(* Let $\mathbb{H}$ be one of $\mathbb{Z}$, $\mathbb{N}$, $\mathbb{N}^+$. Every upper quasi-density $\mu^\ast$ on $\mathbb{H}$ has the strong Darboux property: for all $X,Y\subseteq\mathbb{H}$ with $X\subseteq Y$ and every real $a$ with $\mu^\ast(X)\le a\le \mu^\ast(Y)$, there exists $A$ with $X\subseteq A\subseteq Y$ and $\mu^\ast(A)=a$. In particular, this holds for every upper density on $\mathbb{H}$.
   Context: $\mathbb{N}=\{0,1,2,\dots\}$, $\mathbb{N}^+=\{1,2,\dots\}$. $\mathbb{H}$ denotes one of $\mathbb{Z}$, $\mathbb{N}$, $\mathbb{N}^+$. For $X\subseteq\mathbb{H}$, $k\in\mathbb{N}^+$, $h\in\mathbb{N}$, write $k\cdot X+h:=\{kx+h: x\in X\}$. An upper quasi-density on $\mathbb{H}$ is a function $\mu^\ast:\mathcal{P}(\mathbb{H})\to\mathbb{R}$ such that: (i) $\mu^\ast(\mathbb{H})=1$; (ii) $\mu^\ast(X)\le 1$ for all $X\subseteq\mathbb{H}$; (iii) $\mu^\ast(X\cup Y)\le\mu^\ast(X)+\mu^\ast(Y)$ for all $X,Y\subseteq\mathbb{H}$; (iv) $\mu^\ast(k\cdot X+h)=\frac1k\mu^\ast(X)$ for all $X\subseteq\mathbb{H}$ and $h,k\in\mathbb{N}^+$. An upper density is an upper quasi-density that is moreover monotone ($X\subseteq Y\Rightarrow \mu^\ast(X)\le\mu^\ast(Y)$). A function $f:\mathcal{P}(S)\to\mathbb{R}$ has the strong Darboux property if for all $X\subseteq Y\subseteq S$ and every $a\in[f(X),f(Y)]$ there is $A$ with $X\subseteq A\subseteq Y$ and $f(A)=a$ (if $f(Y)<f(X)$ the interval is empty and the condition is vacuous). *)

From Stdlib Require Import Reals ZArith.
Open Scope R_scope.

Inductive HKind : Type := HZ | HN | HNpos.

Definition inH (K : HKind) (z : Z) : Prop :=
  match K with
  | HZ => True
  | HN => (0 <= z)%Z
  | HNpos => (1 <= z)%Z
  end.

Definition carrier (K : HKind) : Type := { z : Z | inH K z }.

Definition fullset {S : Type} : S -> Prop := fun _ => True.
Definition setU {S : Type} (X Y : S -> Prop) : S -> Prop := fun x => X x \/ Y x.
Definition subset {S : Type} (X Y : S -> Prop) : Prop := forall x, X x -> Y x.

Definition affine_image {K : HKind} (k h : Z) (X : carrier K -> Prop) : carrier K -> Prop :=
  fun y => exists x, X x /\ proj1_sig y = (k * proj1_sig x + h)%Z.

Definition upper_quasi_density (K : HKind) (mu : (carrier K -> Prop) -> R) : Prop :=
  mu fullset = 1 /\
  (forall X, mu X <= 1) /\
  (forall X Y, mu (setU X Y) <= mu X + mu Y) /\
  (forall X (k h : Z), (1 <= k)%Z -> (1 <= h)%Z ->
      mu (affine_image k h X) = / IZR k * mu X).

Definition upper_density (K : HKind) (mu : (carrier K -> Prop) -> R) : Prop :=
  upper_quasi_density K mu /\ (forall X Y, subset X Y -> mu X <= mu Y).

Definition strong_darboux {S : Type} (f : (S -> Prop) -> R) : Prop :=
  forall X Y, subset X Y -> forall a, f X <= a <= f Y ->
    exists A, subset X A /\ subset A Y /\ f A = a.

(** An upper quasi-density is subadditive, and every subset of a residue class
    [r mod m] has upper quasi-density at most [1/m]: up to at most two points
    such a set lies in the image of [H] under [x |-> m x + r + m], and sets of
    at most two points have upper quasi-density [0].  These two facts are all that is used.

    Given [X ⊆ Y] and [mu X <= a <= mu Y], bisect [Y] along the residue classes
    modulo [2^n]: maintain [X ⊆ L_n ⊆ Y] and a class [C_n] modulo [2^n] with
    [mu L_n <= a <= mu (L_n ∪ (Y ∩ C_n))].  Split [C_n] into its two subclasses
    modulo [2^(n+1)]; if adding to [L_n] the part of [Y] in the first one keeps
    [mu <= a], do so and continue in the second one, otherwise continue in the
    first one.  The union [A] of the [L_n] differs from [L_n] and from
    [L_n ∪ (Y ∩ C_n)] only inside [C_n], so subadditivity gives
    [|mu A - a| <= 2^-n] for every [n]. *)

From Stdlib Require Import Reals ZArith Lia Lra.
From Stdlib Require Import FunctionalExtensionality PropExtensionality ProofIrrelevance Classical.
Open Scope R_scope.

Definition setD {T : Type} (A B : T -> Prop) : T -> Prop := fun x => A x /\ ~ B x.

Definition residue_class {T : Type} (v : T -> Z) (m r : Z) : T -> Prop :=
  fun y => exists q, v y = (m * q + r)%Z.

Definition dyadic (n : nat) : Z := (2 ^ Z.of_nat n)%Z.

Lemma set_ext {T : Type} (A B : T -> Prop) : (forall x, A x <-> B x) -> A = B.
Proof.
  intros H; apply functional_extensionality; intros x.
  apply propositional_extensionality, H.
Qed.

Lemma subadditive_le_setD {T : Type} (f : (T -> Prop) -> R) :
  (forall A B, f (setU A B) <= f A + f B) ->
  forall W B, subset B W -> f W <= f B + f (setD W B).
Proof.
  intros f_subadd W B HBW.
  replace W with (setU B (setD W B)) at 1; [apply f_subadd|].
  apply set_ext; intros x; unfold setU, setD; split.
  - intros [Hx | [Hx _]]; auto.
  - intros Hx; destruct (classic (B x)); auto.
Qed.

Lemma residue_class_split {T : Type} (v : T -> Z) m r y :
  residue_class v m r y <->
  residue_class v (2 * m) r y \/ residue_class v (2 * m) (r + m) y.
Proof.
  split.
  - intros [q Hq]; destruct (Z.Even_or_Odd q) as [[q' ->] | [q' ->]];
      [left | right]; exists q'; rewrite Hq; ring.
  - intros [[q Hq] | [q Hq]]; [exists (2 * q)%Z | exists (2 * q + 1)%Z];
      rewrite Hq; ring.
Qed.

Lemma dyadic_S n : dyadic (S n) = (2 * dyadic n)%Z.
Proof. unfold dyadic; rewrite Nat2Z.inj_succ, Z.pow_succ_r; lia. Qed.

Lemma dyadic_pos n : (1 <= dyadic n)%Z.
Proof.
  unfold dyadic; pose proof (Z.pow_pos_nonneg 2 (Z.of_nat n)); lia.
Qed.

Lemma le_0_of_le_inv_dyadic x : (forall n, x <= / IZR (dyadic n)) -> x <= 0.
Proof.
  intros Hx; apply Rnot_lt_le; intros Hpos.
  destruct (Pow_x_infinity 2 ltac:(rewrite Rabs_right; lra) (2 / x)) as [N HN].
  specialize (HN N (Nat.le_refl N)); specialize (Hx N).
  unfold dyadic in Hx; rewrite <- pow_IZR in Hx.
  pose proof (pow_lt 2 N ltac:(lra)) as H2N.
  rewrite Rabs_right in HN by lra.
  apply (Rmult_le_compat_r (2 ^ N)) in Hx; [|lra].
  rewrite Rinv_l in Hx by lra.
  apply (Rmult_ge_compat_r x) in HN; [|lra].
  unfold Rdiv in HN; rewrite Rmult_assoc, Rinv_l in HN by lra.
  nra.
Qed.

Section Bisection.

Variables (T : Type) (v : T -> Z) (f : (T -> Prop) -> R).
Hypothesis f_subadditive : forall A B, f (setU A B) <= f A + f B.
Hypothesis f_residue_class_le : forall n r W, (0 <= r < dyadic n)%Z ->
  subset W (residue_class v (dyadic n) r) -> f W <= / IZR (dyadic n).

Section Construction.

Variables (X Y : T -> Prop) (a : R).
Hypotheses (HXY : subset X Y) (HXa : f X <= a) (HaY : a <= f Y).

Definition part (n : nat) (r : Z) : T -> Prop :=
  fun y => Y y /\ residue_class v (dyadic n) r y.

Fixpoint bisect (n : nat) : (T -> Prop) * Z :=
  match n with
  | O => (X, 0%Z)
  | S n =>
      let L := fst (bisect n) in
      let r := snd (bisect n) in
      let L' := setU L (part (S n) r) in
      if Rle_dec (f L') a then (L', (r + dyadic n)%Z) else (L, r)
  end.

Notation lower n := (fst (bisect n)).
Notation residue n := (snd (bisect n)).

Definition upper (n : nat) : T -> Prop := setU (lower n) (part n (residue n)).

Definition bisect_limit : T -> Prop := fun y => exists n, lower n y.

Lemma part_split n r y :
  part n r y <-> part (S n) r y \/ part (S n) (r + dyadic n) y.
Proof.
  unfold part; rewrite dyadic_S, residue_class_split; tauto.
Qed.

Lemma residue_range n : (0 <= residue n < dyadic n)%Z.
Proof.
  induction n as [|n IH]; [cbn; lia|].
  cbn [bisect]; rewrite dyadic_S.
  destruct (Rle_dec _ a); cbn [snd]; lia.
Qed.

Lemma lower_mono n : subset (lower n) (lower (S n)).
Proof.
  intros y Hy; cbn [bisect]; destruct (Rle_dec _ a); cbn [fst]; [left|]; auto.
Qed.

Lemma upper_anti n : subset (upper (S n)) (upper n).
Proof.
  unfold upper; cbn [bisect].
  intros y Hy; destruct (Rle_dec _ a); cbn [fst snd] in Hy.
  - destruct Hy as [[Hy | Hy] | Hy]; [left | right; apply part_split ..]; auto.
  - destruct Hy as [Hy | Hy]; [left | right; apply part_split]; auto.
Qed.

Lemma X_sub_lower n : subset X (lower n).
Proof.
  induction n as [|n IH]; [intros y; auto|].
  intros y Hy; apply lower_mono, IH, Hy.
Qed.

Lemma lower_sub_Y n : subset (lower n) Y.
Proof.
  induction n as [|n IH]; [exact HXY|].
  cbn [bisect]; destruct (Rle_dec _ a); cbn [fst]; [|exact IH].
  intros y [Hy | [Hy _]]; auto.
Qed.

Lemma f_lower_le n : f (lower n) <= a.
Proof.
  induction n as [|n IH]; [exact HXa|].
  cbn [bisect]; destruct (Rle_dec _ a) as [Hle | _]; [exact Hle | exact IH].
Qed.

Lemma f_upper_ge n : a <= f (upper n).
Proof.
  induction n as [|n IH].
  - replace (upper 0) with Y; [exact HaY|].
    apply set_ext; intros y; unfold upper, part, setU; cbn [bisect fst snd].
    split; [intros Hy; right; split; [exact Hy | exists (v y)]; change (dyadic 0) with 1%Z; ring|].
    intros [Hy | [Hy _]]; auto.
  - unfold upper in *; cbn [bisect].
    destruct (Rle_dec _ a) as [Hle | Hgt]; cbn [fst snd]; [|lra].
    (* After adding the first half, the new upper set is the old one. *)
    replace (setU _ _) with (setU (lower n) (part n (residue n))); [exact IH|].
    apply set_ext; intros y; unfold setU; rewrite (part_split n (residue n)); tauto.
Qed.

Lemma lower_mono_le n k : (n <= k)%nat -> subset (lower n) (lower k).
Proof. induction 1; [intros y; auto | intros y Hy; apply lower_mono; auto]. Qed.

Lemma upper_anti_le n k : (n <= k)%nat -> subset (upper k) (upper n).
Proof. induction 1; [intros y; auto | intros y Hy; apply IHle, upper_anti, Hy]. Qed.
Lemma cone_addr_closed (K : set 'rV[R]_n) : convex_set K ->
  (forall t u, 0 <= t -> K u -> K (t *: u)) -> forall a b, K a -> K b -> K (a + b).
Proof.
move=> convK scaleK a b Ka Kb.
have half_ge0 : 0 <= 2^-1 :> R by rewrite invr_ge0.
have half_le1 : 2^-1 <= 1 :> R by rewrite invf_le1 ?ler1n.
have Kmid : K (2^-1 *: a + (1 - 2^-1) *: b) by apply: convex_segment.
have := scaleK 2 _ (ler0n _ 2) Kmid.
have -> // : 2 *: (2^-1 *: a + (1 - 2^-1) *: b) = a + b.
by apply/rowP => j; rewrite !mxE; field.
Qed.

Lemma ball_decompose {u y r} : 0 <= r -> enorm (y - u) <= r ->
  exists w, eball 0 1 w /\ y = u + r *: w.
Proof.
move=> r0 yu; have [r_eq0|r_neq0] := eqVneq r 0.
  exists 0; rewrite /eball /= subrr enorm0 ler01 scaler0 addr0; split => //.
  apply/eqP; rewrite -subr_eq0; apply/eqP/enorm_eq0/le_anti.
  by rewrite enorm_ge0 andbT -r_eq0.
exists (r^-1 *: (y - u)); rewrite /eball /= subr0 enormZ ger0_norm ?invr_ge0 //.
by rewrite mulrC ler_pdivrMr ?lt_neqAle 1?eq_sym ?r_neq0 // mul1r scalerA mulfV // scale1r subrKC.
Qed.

——

Identify the lines above that contain the word "Variables", then copy them.

Exercise result:
Variables (T : Type) (v : T -> Z) (f : (T -> Prop) -> R).
Variables (X Y : T -> Prop) (a : R).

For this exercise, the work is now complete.